- WORK INSTRUCTION
From the entries below, return exactly the lines beginning at the one that contains "first exact: subsetCl." and ending at the one that contains "R -> total_on", both of them included, and only those lines.

---- SUPPLIED RECORDS

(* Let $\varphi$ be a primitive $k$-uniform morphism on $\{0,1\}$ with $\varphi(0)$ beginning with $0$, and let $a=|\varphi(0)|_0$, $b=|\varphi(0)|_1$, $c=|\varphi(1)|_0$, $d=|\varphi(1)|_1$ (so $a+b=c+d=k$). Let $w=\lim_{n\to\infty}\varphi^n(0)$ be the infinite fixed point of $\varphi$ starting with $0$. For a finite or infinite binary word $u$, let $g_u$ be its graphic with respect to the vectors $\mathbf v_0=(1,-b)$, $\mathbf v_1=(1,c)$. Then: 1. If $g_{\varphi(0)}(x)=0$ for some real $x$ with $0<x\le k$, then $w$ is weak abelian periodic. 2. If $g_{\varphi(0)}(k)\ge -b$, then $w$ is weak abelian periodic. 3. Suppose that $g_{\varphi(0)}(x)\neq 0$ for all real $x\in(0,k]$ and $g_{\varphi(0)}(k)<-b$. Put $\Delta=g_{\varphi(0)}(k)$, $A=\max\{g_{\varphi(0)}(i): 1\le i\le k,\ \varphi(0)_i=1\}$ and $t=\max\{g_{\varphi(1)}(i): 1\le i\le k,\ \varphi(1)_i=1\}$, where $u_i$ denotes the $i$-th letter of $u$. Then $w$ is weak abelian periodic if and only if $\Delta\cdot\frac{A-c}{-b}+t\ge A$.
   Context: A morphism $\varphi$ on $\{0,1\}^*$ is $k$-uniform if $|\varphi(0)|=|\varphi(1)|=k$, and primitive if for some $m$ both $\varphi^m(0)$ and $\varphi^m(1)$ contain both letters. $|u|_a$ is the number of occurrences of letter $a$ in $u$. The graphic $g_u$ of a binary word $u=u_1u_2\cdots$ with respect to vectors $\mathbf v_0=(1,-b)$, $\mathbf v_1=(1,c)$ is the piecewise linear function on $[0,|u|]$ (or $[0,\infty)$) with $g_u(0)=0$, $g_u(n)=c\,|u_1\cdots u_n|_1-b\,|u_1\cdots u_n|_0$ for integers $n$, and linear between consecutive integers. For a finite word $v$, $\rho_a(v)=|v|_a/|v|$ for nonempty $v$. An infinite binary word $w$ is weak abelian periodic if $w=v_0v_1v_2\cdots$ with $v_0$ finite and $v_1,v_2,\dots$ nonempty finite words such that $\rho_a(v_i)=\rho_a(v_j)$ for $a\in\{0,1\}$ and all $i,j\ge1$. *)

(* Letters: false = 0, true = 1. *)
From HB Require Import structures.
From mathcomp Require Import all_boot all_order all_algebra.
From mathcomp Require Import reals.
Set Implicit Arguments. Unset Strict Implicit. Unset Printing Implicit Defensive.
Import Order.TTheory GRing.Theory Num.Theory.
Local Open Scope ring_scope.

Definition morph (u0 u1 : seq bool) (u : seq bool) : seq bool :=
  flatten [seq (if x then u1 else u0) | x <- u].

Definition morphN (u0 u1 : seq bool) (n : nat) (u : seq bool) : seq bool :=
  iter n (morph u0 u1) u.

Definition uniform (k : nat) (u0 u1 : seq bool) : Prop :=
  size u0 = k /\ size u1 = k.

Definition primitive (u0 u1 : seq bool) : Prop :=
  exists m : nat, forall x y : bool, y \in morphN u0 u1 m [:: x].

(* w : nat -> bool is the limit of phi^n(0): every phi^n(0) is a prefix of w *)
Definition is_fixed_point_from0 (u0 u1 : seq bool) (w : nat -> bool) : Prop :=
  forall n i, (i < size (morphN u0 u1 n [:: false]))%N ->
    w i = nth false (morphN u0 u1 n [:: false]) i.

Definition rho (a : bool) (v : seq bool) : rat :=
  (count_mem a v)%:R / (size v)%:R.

--------
---- SUPPLIED RECORDS

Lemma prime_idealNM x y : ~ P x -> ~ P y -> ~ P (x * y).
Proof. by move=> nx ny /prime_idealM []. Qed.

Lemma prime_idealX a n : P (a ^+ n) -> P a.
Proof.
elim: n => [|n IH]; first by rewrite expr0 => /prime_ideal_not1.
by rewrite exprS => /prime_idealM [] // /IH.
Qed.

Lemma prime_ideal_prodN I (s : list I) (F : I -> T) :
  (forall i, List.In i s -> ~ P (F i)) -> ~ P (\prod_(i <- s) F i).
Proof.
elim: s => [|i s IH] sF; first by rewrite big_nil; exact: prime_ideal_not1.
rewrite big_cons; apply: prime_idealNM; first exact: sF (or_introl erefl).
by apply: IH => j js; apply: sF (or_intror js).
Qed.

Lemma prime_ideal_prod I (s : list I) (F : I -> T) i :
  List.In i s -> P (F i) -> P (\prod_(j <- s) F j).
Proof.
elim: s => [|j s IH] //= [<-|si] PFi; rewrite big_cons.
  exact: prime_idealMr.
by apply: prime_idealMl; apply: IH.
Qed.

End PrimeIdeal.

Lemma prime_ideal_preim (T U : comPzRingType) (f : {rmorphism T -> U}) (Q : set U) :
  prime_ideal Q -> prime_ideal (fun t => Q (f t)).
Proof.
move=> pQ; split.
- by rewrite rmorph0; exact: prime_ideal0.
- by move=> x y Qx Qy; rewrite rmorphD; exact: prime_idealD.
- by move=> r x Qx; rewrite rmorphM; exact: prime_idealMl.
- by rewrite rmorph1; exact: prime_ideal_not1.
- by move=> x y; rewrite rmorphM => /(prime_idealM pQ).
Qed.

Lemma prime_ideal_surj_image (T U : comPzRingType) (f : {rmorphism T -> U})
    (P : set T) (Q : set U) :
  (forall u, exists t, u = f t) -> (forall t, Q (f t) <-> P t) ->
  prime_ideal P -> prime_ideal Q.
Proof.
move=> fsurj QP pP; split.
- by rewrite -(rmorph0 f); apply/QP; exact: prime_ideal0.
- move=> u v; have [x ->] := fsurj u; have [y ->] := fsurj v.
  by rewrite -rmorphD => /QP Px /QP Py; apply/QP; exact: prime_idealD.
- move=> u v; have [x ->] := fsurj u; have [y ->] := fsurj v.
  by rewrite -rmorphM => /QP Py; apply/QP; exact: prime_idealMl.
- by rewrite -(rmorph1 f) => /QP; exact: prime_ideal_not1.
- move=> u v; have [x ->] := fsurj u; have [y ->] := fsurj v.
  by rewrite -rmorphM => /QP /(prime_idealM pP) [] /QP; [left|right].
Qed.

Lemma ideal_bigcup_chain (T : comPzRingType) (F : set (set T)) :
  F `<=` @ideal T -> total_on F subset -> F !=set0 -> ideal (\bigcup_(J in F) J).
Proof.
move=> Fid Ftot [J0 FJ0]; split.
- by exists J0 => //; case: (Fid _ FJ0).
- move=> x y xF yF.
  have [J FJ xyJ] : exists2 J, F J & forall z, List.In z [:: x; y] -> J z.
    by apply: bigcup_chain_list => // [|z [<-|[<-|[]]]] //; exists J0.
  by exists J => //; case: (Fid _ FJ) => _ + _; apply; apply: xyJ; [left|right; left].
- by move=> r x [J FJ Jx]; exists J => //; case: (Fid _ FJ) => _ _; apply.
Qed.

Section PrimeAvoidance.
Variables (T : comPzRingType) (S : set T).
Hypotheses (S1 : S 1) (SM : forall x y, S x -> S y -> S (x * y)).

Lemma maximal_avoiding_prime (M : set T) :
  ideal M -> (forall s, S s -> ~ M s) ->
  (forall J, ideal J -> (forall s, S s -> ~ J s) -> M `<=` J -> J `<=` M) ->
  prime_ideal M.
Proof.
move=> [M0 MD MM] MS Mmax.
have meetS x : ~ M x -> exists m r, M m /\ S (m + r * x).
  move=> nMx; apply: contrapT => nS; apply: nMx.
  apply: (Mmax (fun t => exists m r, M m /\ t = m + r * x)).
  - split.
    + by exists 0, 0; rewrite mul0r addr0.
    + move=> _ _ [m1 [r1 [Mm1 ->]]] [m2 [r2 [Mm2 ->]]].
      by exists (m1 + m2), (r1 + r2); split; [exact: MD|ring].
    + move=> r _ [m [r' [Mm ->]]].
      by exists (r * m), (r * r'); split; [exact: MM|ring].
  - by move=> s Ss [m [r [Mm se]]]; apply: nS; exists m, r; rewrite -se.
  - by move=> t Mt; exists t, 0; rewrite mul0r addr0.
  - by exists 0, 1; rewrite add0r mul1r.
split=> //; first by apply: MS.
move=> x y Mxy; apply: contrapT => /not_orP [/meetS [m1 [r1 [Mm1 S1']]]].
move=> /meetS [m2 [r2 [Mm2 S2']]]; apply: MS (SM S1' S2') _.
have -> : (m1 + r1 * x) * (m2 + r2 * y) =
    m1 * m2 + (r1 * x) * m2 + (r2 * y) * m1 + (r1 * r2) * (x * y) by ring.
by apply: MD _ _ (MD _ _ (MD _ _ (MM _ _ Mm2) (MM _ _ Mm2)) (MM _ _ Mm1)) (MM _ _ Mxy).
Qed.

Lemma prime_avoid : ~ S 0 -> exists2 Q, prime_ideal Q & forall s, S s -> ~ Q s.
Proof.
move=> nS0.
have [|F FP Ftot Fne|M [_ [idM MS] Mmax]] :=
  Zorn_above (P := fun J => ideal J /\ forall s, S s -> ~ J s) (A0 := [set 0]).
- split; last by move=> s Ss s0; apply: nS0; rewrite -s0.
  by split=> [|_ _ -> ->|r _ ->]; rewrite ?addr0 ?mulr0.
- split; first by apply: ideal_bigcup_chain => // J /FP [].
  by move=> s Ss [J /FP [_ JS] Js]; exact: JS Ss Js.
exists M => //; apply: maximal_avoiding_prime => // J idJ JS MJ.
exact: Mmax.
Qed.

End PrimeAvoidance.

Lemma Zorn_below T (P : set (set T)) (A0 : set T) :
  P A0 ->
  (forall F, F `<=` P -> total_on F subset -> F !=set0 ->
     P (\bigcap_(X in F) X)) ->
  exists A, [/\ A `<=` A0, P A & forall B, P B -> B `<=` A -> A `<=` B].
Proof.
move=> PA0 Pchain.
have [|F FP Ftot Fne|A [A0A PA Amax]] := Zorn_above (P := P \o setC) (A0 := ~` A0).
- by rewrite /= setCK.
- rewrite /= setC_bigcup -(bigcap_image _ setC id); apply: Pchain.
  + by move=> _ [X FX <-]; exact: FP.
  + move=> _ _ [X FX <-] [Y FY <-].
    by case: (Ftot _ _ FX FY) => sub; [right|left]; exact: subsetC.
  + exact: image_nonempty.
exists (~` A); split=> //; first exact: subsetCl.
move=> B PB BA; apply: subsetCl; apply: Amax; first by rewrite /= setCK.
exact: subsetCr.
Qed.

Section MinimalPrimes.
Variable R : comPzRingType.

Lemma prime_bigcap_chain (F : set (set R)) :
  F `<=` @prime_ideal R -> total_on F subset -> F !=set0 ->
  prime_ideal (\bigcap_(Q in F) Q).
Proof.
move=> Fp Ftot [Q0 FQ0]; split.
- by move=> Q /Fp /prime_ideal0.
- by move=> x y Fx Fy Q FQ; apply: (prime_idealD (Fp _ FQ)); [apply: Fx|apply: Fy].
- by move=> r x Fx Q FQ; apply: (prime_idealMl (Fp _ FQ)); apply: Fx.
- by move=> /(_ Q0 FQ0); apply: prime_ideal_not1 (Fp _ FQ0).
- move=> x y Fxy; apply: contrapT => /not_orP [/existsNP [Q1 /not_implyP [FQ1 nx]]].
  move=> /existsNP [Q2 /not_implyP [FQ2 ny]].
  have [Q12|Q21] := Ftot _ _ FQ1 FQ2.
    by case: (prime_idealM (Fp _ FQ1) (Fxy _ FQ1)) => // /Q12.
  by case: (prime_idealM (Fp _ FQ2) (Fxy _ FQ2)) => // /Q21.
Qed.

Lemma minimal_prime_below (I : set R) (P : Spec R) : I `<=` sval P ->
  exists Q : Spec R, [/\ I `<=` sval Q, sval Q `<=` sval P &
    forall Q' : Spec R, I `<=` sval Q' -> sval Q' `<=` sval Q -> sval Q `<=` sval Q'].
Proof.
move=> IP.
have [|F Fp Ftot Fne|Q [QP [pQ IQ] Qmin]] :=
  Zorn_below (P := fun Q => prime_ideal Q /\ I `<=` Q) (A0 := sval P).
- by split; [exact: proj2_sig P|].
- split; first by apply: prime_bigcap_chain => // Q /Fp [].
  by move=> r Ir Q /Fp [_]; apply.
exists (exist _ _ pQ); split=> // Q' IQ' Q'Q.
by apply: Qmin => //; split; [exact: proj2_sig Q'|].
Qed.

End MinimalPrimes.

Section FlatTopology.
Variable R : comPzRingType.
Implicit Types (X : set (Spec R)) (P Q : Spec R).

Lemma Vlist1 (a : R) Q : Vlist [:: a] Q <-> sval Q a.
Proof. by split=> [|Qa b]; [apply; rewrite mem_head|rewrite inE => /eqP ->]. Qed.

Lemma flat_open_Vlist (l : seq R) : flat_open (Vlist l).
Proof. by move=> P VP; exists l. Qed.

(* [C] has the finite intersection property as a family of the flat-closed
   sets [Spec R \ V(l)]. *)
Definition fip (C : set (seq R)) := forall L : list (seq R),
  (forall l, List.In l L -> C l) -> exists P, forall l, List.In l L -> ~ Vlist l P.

--------
---- SUPPLIED RECORDS

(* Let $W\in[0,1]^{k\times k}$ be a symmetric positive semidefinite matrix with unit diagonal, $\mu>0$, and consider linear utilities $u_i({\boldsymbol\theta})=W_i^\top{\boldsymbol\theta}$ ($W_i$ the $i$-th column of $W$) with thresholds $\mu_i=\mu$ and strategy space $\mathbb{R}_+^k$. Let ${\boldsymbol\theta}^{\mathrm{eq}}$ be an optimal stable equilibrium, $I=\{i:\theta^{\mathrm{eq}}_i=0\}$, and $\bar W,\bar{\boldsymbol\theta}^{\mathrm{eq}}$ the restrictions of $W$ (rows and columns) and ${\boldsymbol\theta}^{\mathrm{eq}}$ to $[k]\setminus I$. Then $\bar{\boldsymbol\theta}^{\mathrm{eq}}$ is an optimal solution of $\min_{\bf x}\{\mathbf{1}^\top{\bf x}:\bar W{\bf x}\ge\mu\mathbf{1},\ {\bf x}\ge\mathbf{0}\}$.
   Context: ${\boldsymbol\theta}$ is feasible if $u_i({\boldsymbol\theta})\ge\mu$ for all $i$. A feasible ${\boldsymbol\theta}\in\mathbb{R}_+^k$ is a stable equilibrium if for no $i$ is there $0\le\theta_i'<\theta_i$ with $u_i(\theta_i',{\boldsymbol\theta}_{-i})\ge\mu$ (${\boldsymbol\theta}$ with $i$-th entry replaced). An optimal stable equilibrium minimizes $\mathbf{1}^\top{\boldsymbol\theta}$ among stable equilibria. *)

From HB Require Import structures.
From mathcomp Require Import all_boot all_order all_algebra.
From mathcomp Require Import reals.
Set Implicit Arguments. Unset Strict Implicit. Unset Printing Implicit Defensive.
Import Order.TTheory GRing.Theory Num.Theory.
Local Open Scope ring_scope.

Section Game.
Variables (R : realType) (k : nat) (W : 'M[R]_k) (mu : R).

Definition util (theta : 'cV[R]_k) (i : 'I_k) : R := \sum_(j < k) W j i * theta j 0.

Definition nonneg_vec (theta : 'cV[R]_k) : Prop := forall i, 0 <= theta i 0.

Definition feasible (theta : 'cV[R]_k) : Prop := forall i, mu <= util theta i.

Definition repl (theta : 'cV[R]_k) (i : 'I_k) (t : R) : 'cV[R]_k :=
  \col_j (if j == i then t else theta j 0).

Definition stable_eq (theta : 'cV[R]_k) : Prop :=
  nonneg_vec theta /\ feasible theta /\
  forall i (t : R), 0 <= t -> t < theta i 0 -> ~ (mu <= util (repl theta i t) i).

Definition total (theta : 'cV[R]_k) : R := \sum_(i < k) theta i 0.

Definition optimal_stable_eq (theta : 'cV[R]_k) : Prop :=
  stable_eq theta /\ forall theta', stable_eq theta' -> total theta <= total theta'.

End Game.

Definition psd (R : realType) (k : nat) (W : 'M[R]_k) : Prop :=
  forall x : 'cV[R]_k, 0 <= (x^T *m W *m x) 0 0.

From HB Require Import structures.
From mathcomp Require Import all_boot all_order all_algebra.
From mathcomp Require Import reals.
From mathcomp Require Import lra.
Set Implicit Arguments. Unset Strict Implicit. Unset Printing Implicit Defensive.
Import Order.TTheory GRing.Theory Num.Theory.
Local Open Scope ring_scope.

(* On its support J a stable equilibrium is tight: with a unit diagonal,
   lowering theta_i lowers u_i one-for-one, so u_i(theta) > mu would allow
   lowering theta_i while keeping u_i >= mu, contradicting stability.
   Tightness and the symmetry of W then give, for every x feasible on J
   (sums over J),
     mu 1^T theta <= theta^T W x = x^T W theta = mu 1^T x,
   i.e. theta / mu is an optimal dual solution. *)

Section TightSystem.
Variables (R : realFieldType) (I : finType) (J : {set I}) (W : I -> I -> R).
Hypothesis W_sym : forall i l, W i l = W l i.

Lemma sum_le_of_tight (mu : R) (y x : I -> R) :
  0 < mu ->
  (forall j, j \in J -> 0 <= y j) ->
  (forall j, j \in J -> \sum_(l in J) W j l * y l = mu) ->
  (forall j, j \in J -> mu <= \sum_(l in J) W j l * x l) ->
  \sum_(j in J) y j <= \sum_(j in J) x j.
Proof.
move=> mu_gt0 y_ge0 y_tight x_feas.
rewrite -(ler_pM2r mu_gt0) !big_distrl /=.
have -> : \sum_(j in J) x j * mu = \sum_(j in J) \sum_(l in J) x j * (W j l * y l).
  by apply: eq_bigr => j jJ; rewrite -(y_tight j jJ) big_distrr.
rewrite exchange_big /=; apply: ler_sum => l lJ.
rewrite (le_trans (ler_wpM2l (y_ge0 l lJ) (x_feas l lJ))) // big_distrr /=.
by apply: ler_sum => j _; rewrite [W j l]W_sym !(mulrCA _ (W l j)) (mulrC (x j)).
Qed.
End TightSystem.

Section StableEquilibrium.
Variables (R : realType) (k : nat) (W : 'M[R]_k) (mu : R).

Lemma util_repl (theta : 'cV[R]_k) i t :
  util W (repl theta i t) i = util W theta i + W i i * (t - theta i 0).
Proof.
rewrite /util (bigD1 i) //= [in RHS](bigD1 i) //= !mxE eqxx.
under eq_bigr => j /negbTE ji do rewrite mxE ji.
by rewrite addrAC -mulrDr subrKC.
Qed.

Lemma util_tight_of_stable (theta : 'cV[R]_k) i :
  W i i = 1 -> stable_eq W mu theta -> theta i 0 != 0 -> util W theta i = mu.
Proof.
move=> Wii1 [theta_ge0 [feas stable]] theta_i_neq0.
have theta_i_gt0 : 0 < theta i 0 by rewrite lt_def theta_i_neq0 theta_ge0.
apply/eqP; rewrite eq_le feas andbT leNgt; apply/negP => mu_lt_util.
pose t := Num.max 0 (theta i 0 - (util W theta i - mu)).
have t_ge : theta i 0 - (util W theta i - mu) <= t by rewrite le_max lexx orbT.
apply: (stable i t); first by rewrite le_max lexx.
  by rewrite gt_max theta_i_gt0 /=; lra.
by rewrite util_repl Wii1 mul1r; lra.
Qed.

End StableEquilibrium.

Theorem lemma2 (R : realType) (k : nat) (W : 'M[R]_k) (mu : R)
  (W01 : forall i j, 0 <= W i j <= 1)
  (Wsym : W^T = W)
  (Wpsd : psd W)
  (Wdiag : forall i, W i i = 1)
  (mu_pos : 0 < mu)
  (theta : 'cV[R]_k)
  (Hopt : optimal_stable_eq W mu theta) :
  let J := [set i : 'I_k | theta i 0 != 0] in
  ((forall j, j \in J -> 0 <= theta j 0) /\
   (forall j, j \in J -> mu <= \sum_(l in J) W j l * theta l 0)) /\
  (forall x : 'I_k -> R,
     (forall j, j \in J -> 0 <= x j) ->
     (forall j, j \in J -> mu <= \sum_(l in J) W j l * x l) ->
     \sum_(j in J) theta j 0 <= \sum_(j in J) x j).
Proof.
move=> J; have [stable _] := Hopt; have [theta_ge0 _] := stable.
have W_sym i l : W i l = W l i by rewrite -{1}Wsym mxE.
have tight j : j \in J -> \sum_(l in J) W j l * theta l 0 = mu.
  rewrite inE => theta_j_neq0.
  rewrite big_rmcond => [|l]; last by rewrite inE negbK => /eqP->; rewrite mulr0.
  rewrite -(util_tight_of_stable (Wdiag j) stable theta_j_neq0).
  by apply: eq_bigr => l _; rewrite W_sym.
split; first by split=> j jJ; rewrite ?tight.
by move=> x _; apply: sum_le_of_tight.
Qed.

--------

- SOLUTION FOR THIS PROBLEM
exists (~` A); split=> //; first exact: subsetCl.
move=> B PB BA; apply: subsetCl; apply: Amax; first by rewrite /= setCK.
exact: subsetCr.
Qed.

Section MinimalPrimes.
Variable R : comPzRingType.

Lemma prime_bigcap_chain (F : set (set R)) :
  F `<=` @prime_ideal R -> total_on F subset -> F !=set0 ->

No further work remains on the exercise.